• _Directions for this task_
Of the records that follow, copy only the lines from the line containing "Proof. by apply: tower_frob_image;" to the line containing "- by move=> y; apply: (lin_span_base", both included, exactly as written.

• _Data extract_
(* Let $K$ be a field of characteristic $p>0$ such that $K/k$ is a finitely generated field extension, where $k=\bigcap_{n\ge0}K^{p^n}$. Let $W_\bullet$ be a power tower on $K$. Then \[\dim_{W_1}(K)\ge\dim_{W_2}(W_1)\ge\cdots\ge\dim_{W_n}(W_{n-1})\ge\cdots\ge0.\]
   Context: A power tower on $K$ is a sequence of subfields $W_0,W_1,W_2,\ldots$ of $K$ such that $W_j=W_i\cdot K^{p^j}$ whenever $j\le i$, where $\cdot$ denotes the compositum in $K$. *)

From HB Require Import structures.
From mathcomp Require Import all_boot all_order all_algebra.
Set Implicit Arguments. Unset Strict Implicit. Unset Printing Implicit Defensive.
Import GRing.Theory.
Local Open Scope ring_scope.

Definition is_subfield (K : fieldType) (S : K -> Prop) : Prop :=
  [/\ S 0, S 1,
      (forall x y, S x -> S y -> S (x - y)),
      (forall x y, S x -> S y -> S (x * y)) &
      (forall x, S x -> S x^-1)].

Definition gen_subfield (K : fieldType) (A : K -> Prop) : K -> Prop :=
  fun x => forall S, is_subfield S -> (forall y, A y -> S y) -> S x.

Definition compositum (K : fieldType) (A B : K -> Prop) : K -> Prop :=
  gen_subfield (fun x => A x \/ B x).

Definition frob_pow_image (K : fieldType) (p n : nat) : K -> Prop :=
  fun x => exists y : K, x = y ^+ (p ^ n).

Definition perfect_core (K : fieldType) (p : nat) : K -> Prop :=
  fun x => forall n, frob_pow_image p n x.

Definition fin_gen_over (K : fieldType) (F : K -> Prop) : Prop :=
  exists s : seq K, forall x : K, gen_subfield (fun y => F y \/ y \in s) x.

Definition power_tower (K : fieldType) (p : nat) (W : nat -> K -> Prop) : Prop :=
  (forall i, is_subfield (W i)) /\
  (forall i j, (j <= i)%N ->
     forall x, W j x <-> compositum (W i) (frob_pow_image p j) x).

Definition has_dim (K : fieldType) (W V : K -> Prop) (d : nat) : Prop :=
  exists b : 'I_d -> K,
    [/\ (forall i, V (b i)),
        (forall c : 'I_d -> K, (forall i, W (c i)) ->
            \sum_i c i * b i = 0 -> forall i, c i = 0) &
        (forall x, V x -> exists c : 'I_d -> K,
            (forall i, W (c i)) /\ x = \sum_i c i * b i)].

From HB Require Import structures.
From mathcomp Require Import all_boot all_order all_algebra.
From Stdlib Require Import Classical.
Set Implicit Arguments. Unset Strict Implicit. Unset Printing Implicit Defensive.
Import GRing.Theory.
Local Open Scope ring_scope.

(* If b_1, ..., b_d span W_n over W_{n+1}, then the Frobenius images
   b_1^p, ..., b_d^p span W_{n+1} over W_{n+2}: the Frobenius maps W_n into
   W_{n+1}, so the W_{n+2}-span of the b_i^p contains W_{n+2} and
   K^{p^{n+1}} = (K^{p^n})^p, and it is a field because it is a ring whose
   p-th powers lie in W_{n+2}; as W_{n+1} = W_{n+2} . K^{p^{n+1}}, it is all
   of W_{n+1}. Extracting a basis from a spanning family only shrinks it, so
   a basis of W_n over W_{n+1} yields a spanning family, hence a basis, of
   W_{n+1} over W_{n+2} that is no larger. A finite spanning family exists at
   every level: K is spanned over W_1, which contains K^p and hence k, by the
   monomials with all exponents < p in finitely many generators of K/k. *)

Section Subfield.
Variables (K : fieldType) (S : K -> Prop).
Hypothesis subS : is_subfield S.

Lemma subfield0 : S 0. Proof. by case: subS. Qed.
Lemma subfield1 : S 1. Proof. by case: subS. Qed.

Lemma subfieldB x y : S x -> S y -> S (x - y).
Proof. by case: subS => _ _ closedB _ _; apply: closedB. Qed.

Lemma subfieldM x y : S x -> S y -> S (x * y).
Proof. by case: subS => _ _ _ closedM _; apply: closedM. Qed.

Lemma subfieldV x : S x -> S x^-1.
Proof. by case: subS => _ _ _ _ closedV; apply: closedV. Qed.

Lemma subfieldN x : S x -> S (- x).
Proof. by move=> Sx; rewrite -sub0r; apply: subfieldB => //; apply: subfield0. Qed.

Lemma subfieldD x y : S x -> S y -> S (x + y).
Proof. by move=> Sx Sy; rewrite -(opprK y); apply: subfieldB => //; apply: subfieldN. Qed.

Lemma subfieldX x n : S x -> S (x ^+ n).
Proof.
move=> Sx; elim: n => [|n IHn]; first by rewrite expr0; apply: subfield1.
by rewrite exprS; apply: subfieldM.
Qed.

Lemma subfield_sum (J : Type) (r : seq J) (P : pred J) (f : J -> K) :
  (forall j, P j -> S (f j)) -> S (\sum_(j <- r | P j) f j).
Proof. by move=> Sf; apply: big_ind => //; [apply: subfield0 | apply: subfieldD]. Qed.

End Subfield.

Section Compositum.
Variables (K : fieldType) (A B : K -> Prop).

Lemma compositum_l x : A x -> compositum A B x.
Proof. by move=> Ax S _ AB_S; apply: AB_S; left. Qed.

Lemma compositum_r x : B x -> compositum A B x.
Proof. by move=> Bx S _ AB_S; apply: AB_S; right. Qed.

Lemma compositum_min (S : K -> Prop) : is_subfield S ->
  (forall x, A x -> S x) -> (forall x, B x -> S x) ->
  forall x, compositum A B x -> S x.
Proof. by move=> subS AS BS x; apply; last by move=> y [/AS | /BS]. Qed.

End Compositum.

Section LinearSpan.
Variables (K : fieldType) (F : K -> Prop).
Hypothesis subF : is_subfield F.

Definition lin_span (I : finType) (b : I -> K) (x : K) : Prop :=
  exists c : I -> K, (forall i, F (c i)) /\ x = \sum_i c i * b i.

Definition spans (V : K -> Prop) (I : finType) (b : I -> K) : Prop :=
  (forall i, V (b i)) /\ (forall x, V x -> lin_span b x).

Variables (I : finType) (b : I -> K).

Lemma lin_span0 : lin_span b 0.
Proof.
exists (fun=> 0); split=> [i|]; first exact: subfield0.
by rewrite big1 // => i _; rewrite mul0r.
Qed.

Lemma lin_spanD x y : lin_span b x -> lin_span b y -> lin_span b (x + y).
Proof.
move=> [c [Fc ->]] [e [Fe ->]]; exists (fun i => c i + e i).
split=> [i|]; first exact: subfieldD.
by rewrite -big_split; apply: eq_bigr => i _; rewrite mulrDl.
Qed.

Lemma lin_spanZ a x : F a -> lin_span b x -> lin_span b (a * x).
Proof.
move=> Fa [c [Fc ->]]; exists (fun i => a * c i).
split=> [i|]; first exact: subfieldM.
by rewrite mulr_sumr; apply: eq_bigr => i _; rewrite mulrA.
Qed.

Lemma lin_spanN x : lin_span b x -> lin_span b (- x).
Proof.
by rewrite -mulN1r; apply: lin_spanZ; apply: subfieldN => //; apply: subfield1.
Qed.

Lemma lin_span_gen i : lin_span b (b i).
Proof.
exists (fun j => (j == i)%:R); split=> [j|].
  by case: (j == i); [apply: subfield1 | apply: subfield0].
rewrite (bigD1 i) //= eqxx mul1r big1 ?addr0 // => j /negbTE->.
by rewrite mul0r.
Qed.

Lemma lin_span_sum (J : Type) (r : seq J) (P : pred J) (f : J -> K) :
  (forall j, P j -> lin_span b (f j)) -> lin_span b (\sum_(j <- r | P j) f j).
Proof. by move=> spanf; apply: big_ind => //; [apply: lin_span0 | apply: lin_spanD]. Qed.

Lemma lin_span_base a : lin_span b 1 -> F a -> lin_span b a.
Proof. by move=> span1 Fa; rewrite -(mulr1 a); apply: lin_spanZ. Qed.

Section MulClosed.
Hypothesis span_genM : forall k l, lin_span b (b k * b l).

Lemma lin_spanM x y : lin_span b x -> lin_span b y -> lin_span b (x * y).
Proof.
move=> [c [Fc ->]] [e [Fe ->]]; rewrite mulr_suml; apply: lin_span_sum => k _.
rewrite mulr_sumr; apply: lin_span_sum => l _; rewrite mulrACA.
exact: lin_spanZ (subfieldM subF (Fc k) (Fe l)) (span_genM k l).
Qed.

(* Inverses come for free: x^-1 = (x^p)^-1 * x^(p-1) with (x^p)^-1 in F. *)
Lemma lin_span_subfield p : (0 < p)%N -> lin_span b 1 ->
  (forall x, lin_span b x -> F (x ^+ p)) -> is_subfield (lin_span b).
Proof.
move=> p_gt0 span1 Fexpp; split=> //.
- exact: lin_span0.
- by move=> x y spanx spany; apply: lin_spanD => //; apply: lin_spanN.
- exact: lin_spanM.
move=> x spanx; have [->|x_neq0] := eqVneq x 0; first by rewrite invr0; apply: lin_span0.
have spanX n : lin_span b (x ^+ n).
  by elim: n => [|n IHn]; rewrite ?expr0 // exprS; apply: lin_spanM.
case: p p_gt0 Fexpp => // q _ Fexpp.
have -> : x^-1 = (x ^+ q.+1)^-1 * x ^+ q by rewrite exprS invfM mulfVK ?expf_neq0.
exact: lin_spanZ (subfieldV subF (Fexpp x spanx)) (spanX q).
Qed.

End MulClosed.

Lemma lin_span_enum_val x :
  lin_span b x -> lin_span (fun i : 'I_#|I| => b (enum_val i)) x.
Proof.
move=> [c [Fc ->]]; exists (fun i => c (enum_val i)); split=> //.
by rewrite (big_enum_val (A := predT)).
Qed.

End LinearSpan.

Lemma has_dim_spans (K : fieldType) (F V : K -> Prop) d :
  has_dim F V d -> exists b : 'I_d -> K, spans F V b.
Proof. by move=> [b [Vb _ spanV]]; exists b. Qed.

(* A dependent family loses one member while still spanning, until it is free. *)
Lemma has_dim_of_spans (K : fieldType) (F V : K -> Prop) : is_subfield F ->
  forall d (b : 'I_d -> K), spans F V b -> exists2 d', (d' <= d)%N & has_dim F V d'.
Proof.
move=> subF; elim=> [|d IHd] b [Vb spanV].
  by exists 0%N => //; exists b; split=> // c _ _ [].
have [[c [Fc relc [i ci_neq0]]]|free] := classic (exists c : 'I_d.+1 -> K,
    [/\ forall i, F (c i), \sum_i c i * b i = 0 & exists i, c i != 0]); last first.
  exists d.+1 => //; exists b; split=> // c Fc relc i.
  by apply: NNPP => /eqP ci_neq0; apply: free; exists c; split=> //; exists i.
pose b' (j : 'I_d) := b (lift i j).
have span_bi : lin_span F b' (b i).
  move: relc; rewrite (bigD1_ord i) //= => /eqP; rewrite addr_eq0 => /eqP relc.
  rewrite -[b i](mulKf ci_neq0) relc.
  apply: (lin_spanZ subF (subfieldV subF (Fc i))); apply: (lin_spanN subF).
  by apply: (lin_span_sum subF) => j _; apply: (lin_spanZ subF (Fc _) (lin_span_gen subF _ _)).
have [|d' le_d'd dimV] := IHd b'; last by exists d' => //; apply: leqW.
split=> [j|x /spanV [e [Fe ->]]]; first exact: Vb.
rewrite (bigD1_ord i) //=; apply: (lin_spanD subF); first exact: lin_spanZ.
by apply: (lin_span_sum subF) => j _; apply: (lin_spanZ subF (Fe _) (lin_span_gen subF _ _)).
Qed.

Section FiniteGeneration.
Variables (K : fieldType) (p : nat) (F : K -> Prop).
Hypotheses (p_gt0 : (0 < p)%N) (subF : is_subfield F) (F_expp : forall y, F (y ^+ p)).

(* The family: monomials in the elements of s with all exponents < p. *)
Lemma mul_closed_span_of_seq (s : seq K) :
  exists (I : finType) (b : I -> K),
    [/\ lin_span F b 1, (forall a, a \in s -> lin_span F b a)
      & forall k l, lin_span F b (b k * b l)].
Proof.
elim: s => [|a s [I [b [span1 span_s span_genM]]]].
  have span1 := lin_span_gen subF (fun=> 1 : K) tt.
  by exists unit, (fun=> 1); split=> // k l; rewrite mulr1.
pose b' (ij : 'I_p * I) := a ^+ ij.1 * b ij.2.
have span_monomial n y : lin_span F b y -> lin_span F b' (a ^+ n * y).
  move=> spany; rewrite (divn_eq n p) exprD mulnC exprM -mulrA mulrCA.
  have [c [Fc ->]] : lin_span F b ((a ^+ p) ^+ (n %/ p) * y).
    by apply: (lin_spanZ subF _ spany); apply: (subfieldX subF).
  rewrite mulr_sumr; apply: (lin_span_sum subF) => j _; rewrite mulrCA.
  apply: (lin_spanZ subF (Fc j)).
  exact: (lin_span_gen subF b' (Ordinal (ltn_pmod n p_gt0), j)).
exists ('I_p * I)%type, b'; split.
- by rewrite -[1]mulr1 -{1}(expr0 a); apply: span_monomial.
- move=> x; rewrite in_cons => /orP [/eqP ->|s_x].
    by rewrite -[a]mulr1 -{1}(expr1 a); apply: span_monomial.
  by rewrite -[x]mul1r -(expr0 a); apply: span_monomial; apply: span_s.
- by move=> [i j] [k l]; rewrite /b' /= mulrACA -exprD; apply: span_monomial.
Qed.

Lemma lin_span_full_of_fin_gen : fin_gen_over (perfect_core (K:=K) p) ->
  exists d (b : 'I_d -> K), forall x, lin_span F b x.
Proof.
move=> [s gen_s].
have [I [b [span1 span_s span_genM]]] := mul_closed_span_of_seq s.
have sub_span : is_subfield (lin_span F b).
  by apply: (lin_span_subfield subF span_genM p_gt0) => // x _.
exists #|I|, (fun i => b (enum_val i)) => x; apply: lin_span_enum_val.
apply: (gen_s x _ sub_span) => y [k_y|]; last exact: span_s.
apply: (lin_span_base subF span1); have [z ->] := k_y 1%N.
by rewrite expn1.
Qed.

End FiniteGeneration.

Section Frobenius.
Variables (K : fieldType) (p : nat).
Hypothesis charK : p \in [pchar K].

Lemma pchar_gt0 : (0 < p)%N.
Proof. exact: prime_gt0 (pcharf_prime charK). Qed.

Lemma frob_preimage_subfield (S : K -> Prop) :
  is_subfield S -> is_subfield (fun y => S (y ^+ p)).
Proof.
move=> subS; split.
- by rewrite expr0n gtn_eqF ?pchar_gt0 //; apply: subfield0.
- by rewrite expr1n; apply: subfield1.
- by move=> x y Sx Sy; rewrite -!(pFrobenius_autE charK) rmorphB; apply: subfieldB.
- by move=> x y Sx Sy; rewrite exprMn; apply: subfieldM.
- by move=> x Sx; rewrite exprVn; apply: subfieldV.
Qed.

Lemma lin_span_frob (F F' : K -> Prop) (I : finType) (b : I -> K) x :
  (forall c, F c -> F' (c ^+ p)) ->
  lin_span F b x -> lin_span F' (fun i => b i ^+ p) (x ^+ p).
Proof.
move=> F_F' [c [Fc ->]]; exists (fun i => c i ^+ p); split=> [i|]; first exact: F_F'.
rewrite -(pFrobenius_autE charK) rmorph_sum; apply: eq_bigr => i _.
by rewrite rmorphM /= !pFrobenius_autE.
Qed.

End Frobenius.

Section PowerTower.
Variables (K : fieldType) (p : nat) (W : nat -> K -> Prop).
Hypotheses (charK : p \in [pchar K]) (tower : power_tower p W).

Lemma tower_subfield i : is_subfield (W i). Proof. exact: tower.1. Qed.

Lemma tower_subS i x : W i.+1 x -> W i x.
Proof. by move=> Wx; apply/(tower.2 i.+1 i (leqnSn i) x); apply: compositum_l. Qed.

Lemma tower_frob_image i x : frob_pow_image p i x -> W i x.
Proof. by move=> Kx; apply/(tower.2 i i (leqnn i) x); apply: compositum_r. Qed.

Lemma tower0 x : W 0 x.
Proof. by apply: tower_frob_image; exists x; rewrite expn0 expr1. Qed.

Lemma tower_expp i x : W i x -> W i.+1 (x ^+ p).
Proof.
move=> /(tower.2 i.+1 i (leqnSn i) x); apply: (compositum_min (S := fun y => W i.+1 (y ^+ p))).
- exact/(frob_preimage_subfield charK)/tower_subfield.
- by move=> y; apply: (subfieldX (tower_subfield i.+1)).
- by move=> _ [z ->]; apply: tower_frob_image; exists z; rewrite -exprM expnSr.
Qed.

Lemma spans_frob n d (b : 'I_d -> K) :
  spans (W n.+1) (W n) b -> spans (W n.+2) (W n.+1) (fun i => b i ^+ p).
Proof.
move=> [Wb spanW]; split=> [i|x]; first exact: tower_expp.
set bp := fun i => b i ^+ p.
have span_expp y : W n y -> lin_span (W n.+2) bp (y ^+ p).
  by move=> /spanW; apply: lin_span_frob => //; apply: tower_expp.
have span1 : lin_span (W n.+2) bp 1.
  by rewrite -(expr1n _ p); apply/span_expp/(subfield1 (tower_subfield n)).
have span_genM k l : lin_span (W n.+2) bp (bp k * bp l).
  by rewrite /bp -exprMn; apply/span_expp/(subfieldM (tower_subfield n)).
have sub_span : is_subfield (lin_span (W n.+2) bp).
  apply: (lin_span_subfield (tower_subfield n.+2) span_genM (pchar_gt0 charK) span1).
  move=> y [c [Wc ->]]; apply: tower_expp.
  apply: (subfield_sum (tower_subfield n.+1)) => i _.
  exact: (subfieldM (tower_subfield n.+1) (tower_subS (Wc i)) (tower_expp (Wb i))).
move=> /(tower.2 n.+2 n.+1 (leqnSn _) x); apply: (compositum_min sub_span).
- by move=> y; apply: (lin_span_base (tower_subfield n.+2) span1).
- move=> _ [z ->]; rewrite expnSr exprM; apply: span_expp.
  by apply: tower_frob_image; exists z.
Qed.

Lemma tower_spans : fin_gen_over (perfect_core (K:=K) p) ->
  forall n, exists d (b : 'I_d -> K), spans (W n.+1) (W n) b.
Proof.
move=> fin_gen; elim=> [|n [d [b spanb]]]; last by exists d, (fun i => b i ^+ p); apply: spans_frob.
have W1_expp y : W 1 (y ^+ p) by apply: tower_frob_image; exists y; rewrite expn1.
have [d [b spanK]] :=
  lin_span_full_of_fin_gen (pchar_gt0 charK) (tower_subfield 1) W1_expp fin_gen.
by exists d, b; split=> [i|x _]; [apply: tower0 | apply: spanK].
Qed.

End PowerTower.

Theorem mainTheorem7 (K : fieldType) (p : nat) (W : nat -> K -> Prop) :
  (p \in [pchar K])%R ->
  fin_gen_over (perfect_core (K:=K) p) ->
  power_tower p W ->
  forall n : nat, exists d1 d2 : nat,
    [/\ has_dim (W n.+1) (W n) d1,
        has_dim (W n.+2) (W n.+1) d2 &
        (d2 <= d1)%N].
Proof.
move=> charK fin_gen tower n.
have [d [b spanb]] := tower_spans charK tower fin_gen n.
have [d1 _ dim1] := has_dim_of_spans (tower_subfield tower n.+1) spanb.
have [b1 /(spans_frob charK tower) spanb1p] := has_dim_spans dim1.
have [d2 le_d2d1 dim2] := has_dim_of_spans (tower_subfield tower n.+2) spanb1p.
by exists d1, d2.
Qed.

• _Task response_
Proof. by apply: tower_frob_image; exists x; rewrite expn0 expr1. Qed.

Lemma tower_expp i x : W i x -> W i.+1 (x ^+ p).
Proof.
move=> /(tower.2 i.+1 i (leqnSn i) x); apply: (compositum_min (S := fun y => W i.+1 (y ^+ p))).
- exact/(frob_preimage_subfield charK)/tower_subfield.
- by move=> y; apply: (subfieldX (tower_subfield i.+1)).
- by move=> _ [z ->]; apply: tower_frob_image; exists z; rewrite -exprM expnSr.
Qed.

Lemma spans_frob n d (b : 'I_d -> K) :
  spans (W n.+1) (W n) b -> spans (W n.+2) (W n.+1) (fun i => b i ^+ p).
Proof.
move=> [Wb spanW]; split=> [i|x]; first exact: tower_expp.
set bp := fun i => b i ^+ p.
have span_expp y : W n y -> lin_span (W n.+2) bp (y ^+ p).
  by move=> /spanW; apply: lin_span_frob => //; apply: tower_expp.
have span1 : lin_span (W n.+2) bp 1.
  by rewrite -(expr1n _ p); apply/span_expp/(subfield1 (tower_subfield n)).
have span_genM k l : lin_span (W n.+2) bp (bp k * bp l).
  by rewrite /bp -exprMn; apply/span_expp/(subfieldM (tower_subfield n)).
have sub_span : is_subfield (lin_span (W n.+2) bp).
  apply: (lin_span_subfield (tower_subfield n.+2) span_genM (pchar_gt0 charK) span1).
  move=> y [c [Wc ->]]; apply: tower_expp.
  apply: (subfield_sum (tower_subfield n.+1)) => i _.
  exact: (subfieldM (tower_subfield n.+1) (tower_subS (Wc i)) (tower_expp (Wb i))).
move=> /(tower.2 n.+2 n.+1 (leqnSn _) x); apply: (compositum_min sub_span).
- by move=> y; apply: (lin_span_base (tower_subfield n.+2) span1).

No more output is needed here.